Reference: Nicolas Balacheff, Learning aware environments, eAgenda 2006 European Forum, Castelldefels, Spain, 24 October 2006
 

Could we “introduce learning in every human activity”? From a non-English speaking perspective this question may sound strangely. Isn’t it the case that learning is present everywhere and at every moment in our life?  This is a matter of survival. Learning is a competence shared by all living organisms. Learning is life-long; it starts with our first breath and continues until the very last one. However there is something specific to human-beings, which is that not only do they learn to survive in their biosphere, but also they have to learn to survive in a noosphere that humanity is continuously building, renewing, transforming. The noosphere is made tangible by human artefacts, but essentially by language. Learning in the noosphere is so complex that specific strategies have been developed to support it, namely teaching (or education, instruction, training, coaching, etc.).
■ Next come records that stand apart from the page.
Lemma dim_cap_plane_line E L M :
  \dim {:vT} = 4 -> \dim E = 3 -> \dim L = 2 -> \dim M = 2 ->
  (M <= E)%VS -> (L :&: M = 0)%VS -> \dim (E :&: L) = 1.
Proof.
move=> dimV dimE dimL dimM ME LM0.
have EL_le4 : \dim (E + L) <= 4 by rewrite -dimV dimvS ?subvf.
have EL_le2 : \dim (E :&: L) <= 2 by rewrite -dimL dimvS ?capvSr.
have EL_ne2 : \dim (E :&: L) != 2.
  apply/eqP => dimEL.
  have ELL : (E :&: L)%VS = L by apply/eqP; rewrite eqEdim capvSr dimEL dimL.
  have LE : (L <= E)%VS by rewrite -ELL capvSl.
  have LME : (L + M <= E)%VS by rewrite subv_add LE ME.
  have := dimv_sum_cap L M; rewrite LM0 dimv0 addn0 dimL dimM => dimLM.
  by have := dimvS LME; rewrite dimLM dimE.
by move: (dimv_sum_cap E L) EL_le4 EL_le2 EL_ne2; rewrite dimE dimL; lia.
Qed.

End Incidence.

Lemma dim_fullV4 : \dim {:V4} = 4.
Proof. by rewrite dimvf dim_matrix. Qed.

Section SpreadCodes.
Variables (L : 'I_5 -> subsp) (P5 P4 E : subsp).
Hypothesis data : spread_data L P5 P4 E.

Let dimL i : \dim (L i) = 2. Proof. by case: data => -[dimL _] _ _ _. Qed.
Let capL i j : i != j -> (L i :&: L j = 0)%VS. Proof. by case: data => -[_ cap0] _ _ _; apply: cap0. Qed.

Lemma dS_lines i j : i != j -> dS (L i) (L j) = 4.
Proof. by move=> ij; rewrite dS_cap0 ?dimL ?capL. Qed.

Lemma dS_line_point5 i : i != i4 -> dS (L i) P5 = 3.
Proof.
case: data => _ [dimP5 P5L4] _ _ i4i; rewrite dS_sym dS_cap0 ?dimP5 ?dimL //.
by apply: capv0S P5L4 _; apply: capL; rewrite eq_sym.
Qed.

Lemma dS_line_point4 i : i != i3 -> dS (L i) P4 = 3.
Proof.
case: data => _ _ [dimP4 P4L3] _ i3i; rewrite dS_sym dS_cap0 ?dimP4 ?dimL //.
by apply: capv0S P4L3 _; apply: capL; rewrite eq_sym.
Qed.

Lemma dS_line_plane i : i != i4 -> dS (L i) E = 3.
Proof.
case: data => _ _ _ [dimE L4E _] i4i; rewrite dS_sym dSE dimE dimL.
by rewrite (dim_cap_plane_line dim_fullV4 dimE (dimL i) (dimL i4) L4E) ?capL.
Qed.

Lemma dS_point4_plane : dS P4 E = 4.
Proof. by case: data => _ _ [dimP4 _] [dimE _ P4nE]; rewrite dS_cap0 ?capv_point_notin ?dimP4 ?dimE. Qed.

Lemma spread_codes :
  [/\ is_code 3 (code_a L), is_code 3 (code_b L P5) & is_code 3 (code_c L P4 E)].
Proof.
by split; apply: is_code_pairwise => //=;
  rewrite ?dS_lines ?dS_line_point5 ?dS_line_point4 ?dS_line_plane ?dS_point4_plane.
Qed.

Lemma spread_dist4_pairs :
  [/\ dist4_pairs (code_a L) = 20, dist4_pairs (code_b L P5) = 12
    & dist4_pairs (code_c L P4 E) = 8].
Proof.
rewrite /dist4_pairs /code_a /code_b /code_c !big_cons !big_nil !dS_refl.
rewrite ![dS P5 (L _)]dS_sym ![dS P4 (L _)]dS_sym ![dS E (L _)]dS_sym [dS E P4]dS_sym.
by rewrite !dS_lines ?dS_line_point5 ?dS_line_point4 ?dS_line_plane ?dS_point4_plane.
Qed.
At this point it is interesting to come back to the origin of “learning” and “teaching” in the English language. Both words have a German origin, tracing back respectively to “læran” and “tæcan” in Old English. While the latter meant “to show” or “to persuade”, the former was preferred to mean “to teach” or “to guide”. Then, could we suggest that the English word learning has a teaching connotation, and that as a result the meaning of  the question is: “can we introduce læran in every human activity?”, what introduces the idea of environments with “teaching” capabilities.
 
Designing environments likely to stimulate and support learning outside formal education and training —or situations mimicking these—was in most cases out of reach until the emergence of the digital technology which bridges the biosphere, where our bodies and activities are developing, and the noosphere where minds and intellectual constructs are developing. While language and the related symbolic technology (writing and reading) were the privileged tools to support learning, digital technologies go beyond by producing highly interactive simulations and virtual worlds. But more significant is the development of augmented reality, the systematic embedding of sensors and system on ship in all artefacts which open the possibility of a “merge” of both spheres. Here is the challenge of ambient computing.
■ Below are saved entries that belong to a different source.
Lemma left_endP h : cnt 0 <= h -> h <= cnt s ->
  [/\ left_end h <= s, cnt (left_end h) = h
    & forall j, left_end h <= j <= s -> h <= cnt j].
Proof.
move=> h_ge h_le.
have P_s : cnt (s - s) <= h by rewrite subnn.
have [k_le Pk before] := @first_indexP (fun k => cnt (s - k) <= h) s P_s.
have above : forall j, left_end h < j <= s -> h < cnt j.
  move=> j /andP [lt_j j_le]; rewrite ltnNge.
  have lt_k : s - j < first_index (fun k => cnt (s - k) <= h) s.
    by rewrite /left_end in lt_j; lia.
  by have := before _ lt_k; rewrite subKn.
have at_h : cnt (left_end h) = h.
  apply/eqP; rewrite eqn_leq Pk /=.
  have [lt_s|ge_s] := ltnP (left_end h) s; last first.
    by rewrite (_ : left_end h = s) //; apply/anti_leq; rewrite ge_s leq_subr.
  have := above (left_end h).+1; rewrite lt_s ltnSn => /(_ isT).
  by have [] := cnt_step (leq_trans lt_s s_le_m); lia.
split=> // [|j /andP [j_ge j_le]]; first exact: leq_subr.
have [lt_j|] := ltnP (left_end h) j; first by rewrite ltnW // above ?lt_j.
by move=> j_le'; rewrite (_ : j = left_end h) ?at_h //; lia.
Qed.

Lemma right_endP h : h <= cnt s ->
  [/\ s <= right_end h <= m, forall j, s <= j <= right_end h -> h <= cnt j
    & right_end h != m -> cnt (right_end h) = h].
Proof.
move=> h_le.
pose P k := (cnt (s + k) <= h) || (s + k == m).
have P_m : P (m - s) by rewrite /P subnKC // eqxx orbT.
have [k_le Pk before] := first_indexP P_m.
have -> : right_end h = s + first_index P (m - s) by [].
move: k_le Pk before; set k := first_index P (m - s) => k_le Pk before.
clearbody k.
have r_le : s + k <= m by rewrite -leq_subRL.
have above : forall j, s <= j < s + k -> h < cnt j /\ j != m.
  move=> j /andP [j_ge lt_j].
  have := before (j - s); rewrite ltn_subLR // => /(_ lt_j).
  by rewrite /P subnKC // negb_or -ltnNge => /andP.
have at_h : cnt (s + k) <= h -> cnt (s + k) = h.
  move=> le_h; apply/anti_leq; rewrite le_h /=.
  case: k {k_le Pk before} r_le above le_h => [|k] r_le above le_h.
    by rewrite addn0.
  have [|above_h _] := above (s + k); first by rewrite leq_addr addnS ltnSn.
  rewrite addnS in r_le *; case: (cnt_step r_le) => _ /(leq_trans above_h).
  by rewrite ltnS.
split=> [|j /andP [j_ge j_le]|ne_m]; first by rewrite leq_addr r_le.
  have [lt_j|] := ltnP j (s + k).
    by have /above [/ltnW] : s <= j < s + k by rewrite j_ge.
  move=> le_j; rewrite (_ : j = s + k); last exact/anti_leq/andP.
  by have [/at_h ->|/ltnW] := leqP (cnt (s + k)) h.
by apply: at_h; move: Pk; rewrite /P (negbTE ne_m) orbF.
Qed.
Just as the rest of our environment, modern digital technologies cannot support learning if they have not been designed on purpose by incorporating teaching (coaching, instructing, scaffolding, or else) features. This is the challenge of designing, implementing and understanding learning aware environments. They are environments which have the capacity to recognize and capture relevant events from observing the human activity, the ability to understand the learning needs and then to provide the adequate feedback in whatever form. This is a scientific and technological challenge for ambient computing and research on cognitive systems. This is also a political challenge because the full development of learning aware environment will not be possible without addressing ethical (protecting the individuals and the communities) and economical problems (accepting that knowing is a universal right).